-- WHAT YOU NEED TO DO --
After locating "Lemma small_modulus i : (i < m)%N ->" in the listing below, copy that line and each one after it exactly, ending with the line that has "have [->|v_ne1] := eqVneq v 1.".

-- EXERCISE DATA --
(** Let P = p_(n-1), let Q be the next prime, and measure positions by the odd
    number v = 2j - P. Shift the grid of each odd prime q < P so that it
    vanishes where q | v, the grid of P where v = 1 (mod P), and the grid of Q
    where v = -1 (mod Q). Every odd v with |v| < P is then killed: v = 1 and
    v = -1 by the last two grids, any other v by its least prime factor. But
    v = -P and v = P survive, since P + 1 < Q, so j = 0 and j = P bound a
    0-series of length P. No grid can be dropped, as v = q, 1, -1 is killed by
    the corresponding grid alone. For the primes including 2, let the grid of 2
    vanish at the odd positions J and read the odd grids at v = J - P: this
    gives a 0-series from 0 to 2P, and v = 2, killed by no odd grid, shows
    that the grid of 2 is needed. For n = 1 the prime P = 2 is even and the
    two small cases are checked by hand. *)

Lemma next_primeP m : [/\ (m < next_prime m)%N, prime (next_prime m) &
  forall q, (m < q)%N -> prime q -> (next_prime m <= q)%N].
Proof.
rewrite /next_prime; case: ex_minnP => p /andP[mp pp] p_min.
by split=> // q mq qp; apply: p_min; rewrite mq qp.
Qed.

Lemma nthp_prime i : prime (nthp i).
Proof. by case: i => [|i] //=; case: (next_primeP (nthp i)). Qed.

Lemma ltn_nthpS i : (nthp i < nthp i.+1)%N.
Proof. by case: (next_primeP (nthp i)). Qed.

Lemma homo_nthp : {homo nthp : i j / (i < j)%N}.
Proof. exact: homo_ltn ltn_trans ltn_nthpS. Qed.

Lemma leq_nthp : {mono nthp : i j / (i <= j)%N}.
Proof. exact: leq_mono homo_nthp. Qed.

Lemma ltn_nthp : {mono nthp : i j / (i < j)%N}.
Proof. by move=> i j; rewrite !ltnNge leq_nthp. Qed.

Lemma nthp_inj : injective nthp.
Proof. exact: incn_inj leq_nthp. Qed.

Lemma nthp_surj p : prime p -> exists t, nthp t = p.
Proof.
move=> pp; have p_le k : (k <= nthp k)%N.
  by elim: k => // k IHk; apply: leq_ltn_trans IHk (ltn_nthpS k).
suff : forall k, (p <= nthp k)%N -> exists t, nthp t = p by apply; apply: p_le.
elim=> [|k IHk] pk.
  by exists 0%N; apply/eqP; rewrite eqn_leq pk prime_gt1.
case: (leqP p (nthp k)) => [/IHk //|kp]; exists k.+1.
apply/eqP; rewrite eqn_leq pk andbT.
by case: (next_primeP (nthp k)) => _ _ /(_ p kp pp).
Qed.

Lemma nthp1 : nthp 1 = 3%N.
Proof. by case: (next_primeP 2) => lt2 _ /(_ 3%N isT isT) le3; apply/eqP; rewrite eqn_leq le3. Qed.

Lemma nthp_odd i : (0 < i)%N -> odd (nthp i).
Proof.
move=> i_gt0; have := ltn_nthp 0 i; rewrite i_gt0 /=.
by case: (even_prime (nthp_prime i)) => [->|].
Qed.

Local Open Scope ring_scope.

Lemma ndvdz_small (q : nat) (x : int) : (0 < `|x| < q)%N -> ~~ (q%:Z %| x)%Z.
Proof. by case/andP=> x_gt0 xq; rewrite dvdzE absz_nat; apply/negP=> /(dvdn_leq x_gt0); lia. Qed.

Lemma dvdz_prime (p q : nat) : prime p -> prime q -> (p%:Z %| q%:Z)%Z = (p == q).
Proof. by move=> pp qp; rewrite dvdzE !absz_nat dvdn_prime2. Qed.

Lemma dvdz_sub_half (q : nat) (j s : int) : odd q ->
  (q%:Z %| j - s * (q.+1./2)%:Z)%Z = (q%:Z %| 2 * j - s)%Z.
Proof.
move=> q_odd; have q2 : coprimez q%:Z 2 by rewrite coprimezE /= coprimen2 q_odd.
have twice_half : 2 * (q.+1./2)%:Z = q%:Z + 1.
  have := odd_double_half q.+1; rewrite /= q_odd add0n -mul2n; lia.
rewrite -(Gauss_dvdzr _ q2) mulrBr mulrCA twice_half.
have -> : 2 * j - s * (q%:Z + 1) = 2 * j - s - s * q%:Z by ring.
by rewrite rpredBr // dvdz_mull.
Qed.

Section Grids.
Variables (I : finType) (a : I -> nat) (k : I -> int).

Lemma gridE (q : nat) (s j : int) : grid q s j = ~~ (q%:Z %| j - s)%Z.
Proof. by rewrite /grid eqz_mod_dvd. Qed.

Lemma grid_prodP j : reflect (forall i, grid (a i) (k i) j) (grid_prod a k predT j).
Proof. by apply: (iffP forallP) => h i; [exact: implyP (h i) isT | rewrite implyTb]. Qed.

Lemma is_filling_witness :
  (forall i, exists j, ~~ grid (a i) (k i) j /\
     forall i', i' != i -> grid (a i') (k i') j) ->
  is_filling a k.
Proof.
move=> wit i; have [j [off on]] := wit i; exists j.
have -> : grid_prod a k (predC1 i) j by apply/forallP=> i'; apply/implyP/on.
by rewrite eqb_id; apply: contraNN off => /grid_prodP.
Qed.

Lemma msr_ge_series (c : nat) (x y : int) :
  is_filling a k -> x < y -> c%:Z <= y - x ->
  (forall i, grid (a i) (k i) x) -> (forall i, grid (a i) (k i) y) ->
  (forall j, x < j < y -> exists i, ~~ grid (a i) (k i) j) ->
  msr_ge a c.
Proof.
move=> fill xy len onx ony off; exists k; split=> //; exists x, y; split=> //.
split=> //; try exact/grid_prodP.
move=> j xj jy; have [i offi] := off j (introT andP (conj xj jy)).
by apply: contraNN offi => /grid_prodP.
Qed.
End Grids.

Section OddPrimeSieve.
Variable m : nat.
Local Notation P := (nthp m.+1).
Local Notation Q := (nthp m.+2).

(* Grid i is indexed as in the first family: i < m are the odd primes below P,
   i = m is P and i = m + 1 is Q. *)
Definition sieve_residue (i : nat) : int :=
  if (i < m)%N then 0 else if i == m then 1 else -1.

Definition sieve_hit (i : nat) (v : int) : bool :=
  ((nthp i.+1)%:Z %| v - sieve_residue i)%Z.

Definition sieve_covers (v : int) : bool := [exists i : 'I_m.+2, sieve_hit i v].

Definition sieve_only (i : 'I_m.+2) (v : int) : Prop :=
  sieve_hit i v /\ forall i' : 'I_m.+2, i' != i -> ~~ sieve_hit i' v.

Lemma sieve_hit_small i v : (i < m)%N -> sieve_hit i v = ((nthp i.+1)%:Z %| v)%Z.
Proof. by rewrite /sieve_hit /sieve_residue => ->; rewrite subr0. Qed.

Lemma sieve_hit_P v : sieve_hit m v = (P%:Z %| v - 1)%Z.
Proof. by rewrite /sieve_hit /sieve_residue ltnn eqxx. Qed.

Lemma sieve_hit_Q v : sieve_hit m.+1 v = (Q%:Z %| v + 1)%Z.
Proof. by rewrite /sieve_hit /sieve_residue ltnNge leqnSn gtn_eqF // opprK. Qed.

Lemma sieve_indexP (i : 'I_m.+2) : [\/ (i < m)%N, val i = m | val i = m.+1].
Proof.
case: i => i /= ltim; case: (ltngtP i m) => [im|mi|->]; [exact: Or31| |exact: Or32].
by apply: Or33; lia.
Qed.

Lemma small_modulus i : (i < m)%N ->
  [/\ prime (nthp i.+1), (3 <= nthp i.+1)%N & (nthp i.+1 < P)%N].
Proof. by move=> im; rewrite nthp_prime ltn_nthp ltnS im -nthp1 leq_nthp. Qed.

Lemma sieve_moduli_bounds : [/\ (3 <= P)%N, odd P & (P + 2 <= Q)%N].
Proof.
rewrite -nthp1 leq_nthp nthp_odd //; split=> //.
by have := ltn_nthpS m.+1; have := nthp_odd (ltn0Sn m.+1); have := nthp_odd (ltn0Sn m); lia.
Qed.

Lemma sieve_covers_odd v : ~~ (2 %| v)%Z -> (`|v| < P)%N -> sieve_covers v.
Proof.
move=> v_odd vP; have [P3 _ _] := sieve_moduli_bounds.
have [->|v_ne1] := eqVneq v 1.
  by apply/existsP; exists (Ordinal (leqnSn m.+1)); rewrite sieve_hit_P subrr dvdz0.
have [->|v_neN1] := eqVneq v (-1).
  by apply/existsP; exists (Ordinal (ltnSn m.+1)); rewrite sieve_hit_Q addNr dvdz0.
have v_gt1 : (1 < `|v|)%N by lia.
pose p := pdiv `|v|; have p_prime : prime p := pdiv_prime v_gt1.
have p_dvd : (p %| `|v|)%N := pdiv_dvd _.
have p_le : (p <= `|v|)%N by apply: dvdn_leq; lia.
have [t pt] := nthp_surj p_prime.
have t_gt0 : (0 < t)%N.
  by case: t pt => // p2; rewrite -p2 in p_dvd; rewrite dvdzE p_dvd in v_odd.
have t_le : (t <= m)%N by rewrite -ltnS -ltn_nthp pt; lia.
have tm : (t.-1 < m.+2)%N by lia.
apply/existsP; exists (Ordinal tm); rewrite sieve_hit_small; last by rewrite /=; lia.
by rewrite [X in nthp X]/= prednK // pt dvdzE absz_nat.
Qed.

-- SOLUTION --
Lemma small_modulus i : (i < m)%N ->
  [/\ prime (nthp i.+1), (3 <= nthp i.+1)%N & (nthp i.+1 < P)%N].
Proof. by move=> im; rewrite nthp_prime ltn_nthp ltnS im -nthp1 leq_nthp. Qed.

Lemma sieve_moduli_bounds : [/\ (3 <= P)%N, odd P & (P + 2 <= Q)%N].
Proof.
rewrite -nthp1 leq_nthp nthp_odd //; split=> //.
by have := ltn_nthpS m.+1; have := nthp_odd (ltn0Sn m.+1); have := nthp_odd (ltn0Sn m); lia.
Qed.

Lemma sieve_covers_odd v : ~~ (2 %| v)%Z -> (`|v| < P)%N -> sieve_covers v.
Proof.
move=> v_odd vP; have [P3 _ _] := sieve_moduli_bounds.
have [->|v_ne1] := eqVneq v 1.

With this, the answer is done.